What this task involves
Write out, as an exact transcription, the line that has "forall u, U" and each line after it through the end of the data below.

+++ Given records +++

(* Let $(X,d)$ be a metric space and let $U\subseteq F_{USCB}(X)$. Then the following statements are equivalent: (i) $U$ is compact in $(F_{USCB}(X),H_{\rm send})$; (ii) $U$ is closed in $(F_{USCB}(X),H_{\rm send})$, $U(0)=\bigcup_{u\in U}[u]_0$ is relatively compact in $X$, and $U$ is equi-right-continuous at $0$; (iii) $U$ is closed in $(F_{USCB}(X),H_{\rm send})$, $U(0)$ is compact in $X$, and $U$ is equi-right-continuous at $0$.
   Context: A fuzzy set on $X$ is a function $u:X\to[0,1]$, with $\alpha$-cuts $[u]_\alpha=\{x: u(x)\ge\alpha\}$ for $\alpha\in(0,1]$ and $[u]_0=\overline{\{u>0\}}$. $F_{USC}(X)$ is the set of fuzzy sets with all $\alpha$-cuts ($\alpha\in[0,1]$) non-empty and closed; $F_{USCB}(X)=\{u\in F_{USC}(X): [u]_0\text{ is compact}\}$. The Hausdorff distance on non-empty closed subsets of a metric space $(Y,\rho)$ is $H(A,B)=\max\{\sup_{a\in A}\inf_{b\in B}\rho(a,b),\sup_{b\in B}\inf_{a\in A}\rho(a,b)\}$. $X\times[0,1]$ is metrized by $\overline{d}((x,\alpha),(y,\beta))=d(x,y)+|\alpha-\beta|$; ${\rm send}\,u=\{(x,t)\in X\times[0,1]: u(x)\ge t\}\cap([u]_0\times[0,1])$; $H_{\rm send}(u,v)=H({\rm send}\,u,{\rm send}\,v)$ (with $\rho=\overline{d}$). $U\subseteq F_{USC}(X)$ is equi-right-continuous at $0$ if for each $\varepsilon>0$ there is $\delta>0$ such that $H([u]_\delta,[u]_0)<\varepsilon$ (with $\rho=d$) for all $u\in U$. *)

From mathcomp Require Import all_boot all_order all_algebra.
From mathcomp Require Import all_classical all_reals.
From mathcomp Require Import ereal.
Set Implicit Arguments. Unset Strict Implicit. Unset Printing Implicit Defensive.
Import Order.TTheory GRing.Theory Num.Theory.
Local Open Scope classical_set_scope.
Local Open Scope ring_scope.

Section Defs.
Variable R : realType.

Definition m_open {T : Type} (S : set T) (rho : T -> T -> \bar R) (G : set T) :=
  forall x, S x -> G x -> exists e : R, 0 < e /\
    forall y, S y -> (rho x y < e%:E)%E -> G y.

Definition m_closure {T : Type} (S : set T) (rho : T -> T -> \bar R) (A : set T) :=
  [set x | S x /\ forall e : R, 0 < e -> exists y, A y /\ (rho x y < e%:E)%E].

Definition m_closed {T : Type} (S : set T) (rho : T -> T -> \bar R) (K : set T) :=
  m_closure S rho K `<=` K.

Definition m_compact {T : Type} (S : set T) (rho : T -> T -> \bar R) (K : set T) :=
  K `<=` S /\
  forall (I : Type) (G : I -> set T), (forall i, m_open S rho (G i)) ->
    K `<=` \bigcup_i G i ->
    exists (n : nat) (f : nat -> I), K `<=` [set x | exists k, (k < n)%N /\ G (f k) x].

Definition m_rel_compact {T : Type} (S : set T) (rho : T -> T -> \bar R) (K : set T) :=
  m_compact S rho (m_closure S rho K).

Definition hausdorff {T : Type} (rho : T -> T -> R) (A B : set T) : \bar R :=
  Order.max
    (ereal_sup [set ereal_inf [set (rho a b)%:E | b in B] | a in A])
    (ereal_sup [set ereal_inf [set (rho a b)%:E | a in A] | b in B]).

Variable X : Type.
Variable d : X -> X -> R.

Definition dE : X -> X -> \bar R := fun x y => (d x y)%:E.

Definition cut0 (u : X -> R) : set X := m_closure setT dE [set x | 0 < u x].

Definition cut (u : X -> R) (a : R) : set X :=
  if 0 < a then [set x | a <= u x] else cut0 u.

Definition F_USC (u : X -> R) : Prop :=
  (forall x, 0 <= u x <= 1) /\
  forall a : R, 0 <= a <= 1 -> cut u a !=set0 /\ m_closed setT dE (cut u a).

Definition F_USCB (u : X -> R) : Prop := F_USC u /\ m_compact setT dE (cut0 u).

Definition dbar (p q : X * R) : R := d p.1 q.1 + `|p.2 - q.2|.

Definition send (u : X -> R) : set (X * R) :=
  [set p | 0 <= p.2 <= 1 /\ p.2 <= u p.1 /\ cut0 u p.1].

Definition H_send (u v : X -> R) : \bar R := hausdorff dbar (send u) (send v).

Definition U0 (U : set (X -> R)) : set X := \bigcup_(u in U) cut0 u.

Definition equi_right_cont0 (U : set (X -> R)) : Prop :=
  forall e : R, 0 < e -> exists delta : R, 0 < delta /\
    forall u, U u -> (hausdorff d (cut u delta) (cut0 u) < e%:E)%E.

End Defs.

From mathcomp Require Import all_boot all_order all_algebra.
From mathcomp Require Import all_classical all_reals.
From mathcomp Require Import ereal.
From mathcomp Require Import lra.
Import Order.TTheory GRing.Theory Num.Theory.
Local Open Scope classical_set_scope.
Local Open Scope ring_scope.
Set Implicit Arguments. Unset Strict Implicit. Unset Printing Implicit Defensive.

+++

Answer space
    forall u, U u -> (hausdorff d (cut u delta) (cut0 u) < e%:E)%E.

End Defs.

From mathcomp Require Import all_boot all_order all_algebra.
From mathcomp Require Import all_classical all_reals.
From mathcomp Require Import ereal.
From mathcomp Require Import lra.
Import Order.TTheory GRing.Theory Num.Theory.
Local Open Scope classical_set_scope.
Local Open Scope ring_scope.
Set Implicit Arguments. Unset Strict Implicit. Unset Printing Implicit Defensive.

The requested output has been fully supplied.